Collected data entries:

Theorem lemma4p3 (a b : rat) (p Nm Np : nat) (R : quat -> Prop) (d : int)
    (F : nat -> finFieldType) (nu : forall l, quat -> F l)
    (muF : forall l, quad -> F l) (S : nat -> quat -> Prop)
    (mu : nat -> quad -> int) (psi : quad -> quat) (x y : quat) :
  setting a b p Nm Np R d F nu muF S mu ->
  oriented_opt a b p Nm Np R d F nu muF S mu psi ->
  R x -> R y -> qmul a b x y = qone -> qmul a b y x = qone ->
  oriented_opt a b p Nm Np R d F nu muF S mu
    (fun k => qmul a b (qmul a b x (psi k)) y).
Proof.
move=> [_ _ _ [_ [_ /eichler_qmul_closed RM]] [_ _ nu_data _ _]].
move=> [opt_psi nu_psi orient_split orient_ram] Rx Ry xy yx.
have hxy : qinverse a b x y by [].
split.
- exact: optimal_inner.
- move=> l Pl Dl k Ok; have [_ nuR _] := nu_data l Pl Dl.
  have nu_inner :=
    rmorph_inner nuR (loc_qmul_closed RM) hxy (mem_loc l Rx) (mem_loc l Ry).
  by rewrite nu_inner ?nu_psi //; apply: optimal_loc opt_psi Ok.
- move=> l Pl Dl nd; have [t [t0 mt ends]] := orient_split l Pl Dl nd.
  have [S_fixed S'_fixed] := endpoints_inner_set_id hxy Rx Ry ends.
  by exists t; rewrite conjS_inner // S'_fixed.
- move=> l Pl Dl dd; have [S' [m [m' [ends distS distS' lt_m]]]] := orient_ram l Pl Dl dd.
  have [S_fixed S'_fixed] := endpoints_inner_set_id hxy Rx Ry ends.
  exists S', m, m'; split => //; [rewrite -S_fixed | rewrite -S'_fixed];
    exact: distG_inner.
Qed.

* **Activity**:
Which lines above hold the string "quad"? Show each of them.

* **Written response**:
    (muF : forall l, quad -> F l) (S : nat -> quat -> Prop)
    (mu : nat -> quad -> int) (psi : quad -> quat) (x y : quat) :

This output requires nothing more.